Another chicken recipe I’m sharing is braised chicken with vegetable, as always it is an easy and a simple recipe.
- 4 Skinless Chicken Thighs
- 4 Russet Potatoes (peeled, cut into chunks)
- 4 Big Carrots (clean and cut into chunks)
- 1 Onion (chopped)
- 2 Apple (peeled, cored and cut up)
- 2 Cups Chicken Stock
- 3 Tablespoons Dijon Mustard
- 1 Tablespoon Cayenne/Dry pepper
- Cabbage (cored, remove the rib and cut into strip)
- 4 Tablespoons Olive Oil
- 1 Tablespoon Ginger powder
- 1 Tablespoon Curry powder
- 1 Tablespoon Ground Garlic
- 1 Tablespoon Thyme
- Seasoning Cube
- 2 Garlic minced
- Salt and pepper
Season chicken with curry powder, thyme, garlic powder, seasoning cube, ginger powder/minced, salt, and pepper. Mix and marinate overnight or at least one hour. I marinade mine overnight.

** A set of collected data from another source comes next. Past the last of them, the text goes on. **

Lemma comb_shadow_fm_sub : comb_shadow (fm_weights (c^~ m)) `<=` shadow m.+1 L0 w f c b.
Proof.
move=> x [t [L0t Ht]].
pose slack i := b i - f i x - \sum_(r < m) c i r * t r.
have slack_comb e : 0 <= pair_comb (fm_weights (c^~ m)) slack e.
  by have := Ht e; rewrite sum_comb /pair_comb /slack; lra.
have [s Hs] : exists s, forall i, c i m * s <= slack i.
  apply: fourier_motzkin_step => [i ci0 | i j ci0 cj0].
    by have := slack_comb (i, i); rewrite /pair_comb /fm_weights /= ci0 eqxx mul1r mul0r addr0.
  by have := slack_comb (i, j); rewrite /pair_comb /fm_weights /= gt_eqF // ci0 cj0.
exists (upd t m s); split.
  rewrite (sum_upd (fun r v => v *: w r)) opprD addrA.
  by apply: closed_subspaceB L0t _ => //; exact: closed_subspaceZ.
by move=> i; rewrite (sum_upd (fun r v => c i r * v)); have := Hs i; rewrite /slack; lra.
Qed.

Lemma shadow_elim_in : (forall i, continuous_linear_form (f i)) ->
  shadow_form m w (shadow m.+1 L0 w f c b).
Proof.
move=> f_cl; exists L0, (I * I)%type, (fun e x => pair_comb (fm_weights (c^~ m)) (f^~ x) e),
  (fun e r => pair_comb (fm_weights (c^~ m)) (c^~ r) e), (pair_comb (fm_weights (c^~ m)) b).
split => //; first by move=> e; exact: continuous_linear_form_comb.
apply/seteqP; split; last exact: comb_shadow_fm_sub.
by apply: shadow_sub_comb => e; [exact: fm_weights_ge0 | exact: fm_weights_elim].
Qed.

End fourier_motzkin.

Section shadow_elimination.
Variables (R : realType) (X : tvsType R).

TIP: If you marinade overnight, take the chicken out and let it get to room temperature before using it.
Preheat the oven to 375 degrees F.
Place a saucepan/skillet (oven proof) over medium-high heat, add oil and cook chicken on both sides until it's brown.
Transfer the chicken to a plate.
Saute minced garlic, add onion, carrots, and potatoes. Season with salt and seasoning cube.Transfer to the oven and cook for 25 minutes.

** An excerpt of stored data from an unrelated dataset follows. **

(* Let $0\le\beta\le1$ and let $f\in\mathcal{A}_{\beta}$ with $f(z)=z+\sum_{n=2}^\infty a_nz^n$, and let $f^{-1}(w)=w+\sum_{n=2}^\infty A_nw^n$ be the inverse of $f$ near $0$, so that $A_2=-a_2$ and $A_3=-a_3+2a_2^2$. Then \[ |A_2|\le\frac{2}{2-\beta}\qquad\text{and}\qquad |A_3|\le\frac{2(8-4\beta-\beta^2)}{(2-\beta)^2(3-2\beta)}. \] Both bounds are sharp (attained by some $f\in\mathcal{A}_\beta$).
   Context: $\mathbb{D}$ is the open unit disk; $\mathcal{A}$ is the class of holomorphic $f$ on $\mathbb{D}$ with $f(0)=0$, $f'(0)=1$. For $\beta\in[0,1]$, $\mathcal{A}_{\beta}=\{f\in\mathcal{A}: \operatorname{Re}\big(\beta\, f(z)/z+(1-\beta)f'(z)\big)>0 \text{ for all } z\in\mathbb{D}\}$. The inverse coefficients $A_n$ are the Taylor coefficients of the local inverse $f^{-1}$ at $0$ (which exists since $f'(0)=1$). *)

From Stdlib Require Import Reals.
From Coquelicot Require Import Coquelicot.
Open Scope R_scope.

Definition cderiv (f : C -> C) (z d : C) : Prop :=
  is_derive (K := C_AbsRing) (V := C_NormedModule) f z d.

Definition in_disk (z : C) : Prop := Cmod z < 1.

Definition classA (f : C -> C) : Prop :=
  (forall z, in_disk z -> exists d, cderiv f z d) /\
  f (RtoC 0) = RtoC 0 /\ cderiv f (RtoC 0) (RtoC 1).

Remove the pan from the oven and stir in the cabbage, apple, red flakes/dry pepper (whichever one you're using). Add mustard, chicken stock, mix together and add chicken and bake until it cooked through for about 25 minutes.
Stir the vegetables halfway through. If you want some liquid you can remove it from the oven before the time is up and the food is ready. The time may be different depending on the oven.